On binlerce insanın mağdur olduğu Kanun Hükmünde Kararname(KHK) sorununa ilişkin Diplomasi ve Ekonomi Enstitüsü (instituDE) tarafından bir rapor hazırlandı. Önsözünü HDP milletvekili Ömer Faruk Gergerlioğlu’nun yazdığı rapor alanında uzman hukukçular olan Hakan Kaplankaya, Harun Reşit Halisoğlu, Mehmet Bozkaya ve Dr. Yasir Gökçe tarafından hazırlandı.
“Muhalefet Partilerinin KHK Sorununa Yaklaşımı: Adil Çözüm İçin Yol Haritası” başlıklı raporda Türkiye’deki KHK sorununa muhalefetin yaklaşımı, yargının bağımsızlığı ve tarafsızlığı sorunu gibi başlıklar ele alınıyor ve KHK mağdurlarından örnekler sunuluyor. Raporun sonunda ise çözüm önerileri sıralanıyor.

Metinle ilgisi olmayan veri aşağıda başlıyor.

(* Let $\gamma>0$, $v\in[0,1]^N$, $r\in[0,1]^N$, and let $$q\in\arg\max_{\rho\in\Delta(\mathcal{S})}\;\mathbb{E}_{S\sim\rho}[R(S,v,r)]-\frac{(K+1)^4}{\gamma}\sum_{i=1}^N\log\frac{1}{w_i(\rho)}.$$ Then there is an absolute constant $C>0$ (independent of $N,K,\gamma,v,r$) such that $\mathsf{dec}_\gamma(q;v,r)\le \frac{C\,NK^4}{\gamma}$.
   Context: $N\ge K\ge1$ are integers and $\mathcal{S}$ is the collection of subsets $S\subseteq[N]$ with $1\le|S|\le K$; $\Delta(\mathcal{S})$ is the set of probability distributions on $\mathcal{S}$. For $S\in\mathcal{S}$ and $v\in[0,1]^N$, $\mu(S,v)\in\mathbb{R}^{N+1}$ is the distribution on $\{0,\dots,N\}$ with $\mu_i(S,v)=\frac{v_i}{1+\sum_{j\in S}v_j}$ for $i\in S$, $\mu_0(S,v)=\frac{1}{1+\sum_{j\in S}v_j}$, and $\mu_i(S,v)=0$ otherwise. $R(S,v,r)=\frac{\sum_{i\in S}r_iv_i}{1+\sum_{i\in S}v_i}$. For $\rho\in\Delta(\mathcal{S})$, $w_i(\rho)=\sum_{S\ni i}\rho(S)$. The Decision-Estimation Coefficient of $q\in\Delta(\mathcal{S})$ is $$\mathsf{dec}_\gamma(q;v,r)=\max_{v^\star\in[0,1]^N}\max_{S^\star\in\mathcal{S}}\Big\{R(S^\star,v^\star,r)-\mathbb{E}_{S\sim q}[R(S,v^\star,r)]-\gamma\,\mathbb{E}_{S\sim q}\big[\|\mu(S,v)-\mu(S,v^\star)\|_2^2\big]\Big\}.$$ *)

From HB Require Import structures.
From mathcomp Require Import all_boot all_order all_algebra.
From mathcomp Require Import boolp classical_sets reals constructive_ereal ereal exp.
Set Implicit Arguments. Unset Strict Implicit. Unset Printing Implicit Defensive.
Import Order.TTheory GRing.Theory Num.Theory.
Local Open Scope ring_scope.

Eski Türk diplomatlar tarafından kurulan bir platform olan instituDE tarafından Türkiye’nin KHK sorununa muhalefet partilerinin yaklaşımlarının ne düzeyde yeterli olduğu sorgulamasından yola çıkarak hazırlanan raporda, KHK mağdurlarının yaşadıkları hukuksuz süreçler anlatılıyor.
DEVA PARTİSİ DIŞINDAKİ YETERLİ ÇÖZÜM SUNAN MUHALEFET PARTİSİ YOK
CHP, HDP, İYİ Parti, DEVA, Gelecek Partisi, Saadet Partisi temsilcileri ve AKP çevrelerinde muteber Ceza Hukukçusu Prof. Dr. İzzet Özgenç’in görüş ve önerileri derlenen raporda, DEVA Partisi Eylem Planı haricindeki yaklaşım ve çözüm önerilerinin, KHK meselesi gibi girift toplumsal ve hukuki bir sorunu çözecek bir derinlik, hazırlık veya kapsayıcılık içermediği tespiti dikkat çekiyor. DEVA Partisi Eylem Planının ise bazı konularda önemli çözüm önerileri sunmak ve ceza yargılaması sorununu tespit etmekle beraber, terör yargılamaları mağduriyetlerinin giderimi sorununun raporda müphem bırakıldığı belirtiliyor.
TASFİYELER SONUCUNDA TARAFSIZ YARGI KALMADI
Raporda, “Yargının Bağımsızlığı ve Tarafsızlığı Sorunu” başlığı altında ise ülkedeki yargı bağımsızlığı ve tarafsızlığı incelenirken, yargının mevcut içtihatları ve hukuki yorumlarıyla KHK sorununa çare olma konusundaki yeterliliği sorgulanıyor. Bu başlık altında 15 Temmuz sonrası yargıda ihraçlar, HS(Y)K’nın yeni yapısı ve işleyişi, yargının siyasallaşması sorunu ile AİHM ve Anayasa Mahkemesi kararlarına riayet eksikliği olduğu, 15 Temmuz darbe girişimi bahanesiyle yapılan tasfiyeler sonrasında AKP Hükümetinin hassas olduğu konularda görevini ifa edecek bağımsız bir yargıdan söz etme imkanının kalmadığına dikkat çekiliyor. Raporda, yargı içinde siyasal gruplaşmaların gözle görülür hale geldiği, özellikle göreve yeni başlatılan yargı mensuplarının siyasal görüşleri ekseninde hüküm tesis ettiği ve adalet tecelli ettirme kabiliyetinden yoksun olduğu ifade ediliyor.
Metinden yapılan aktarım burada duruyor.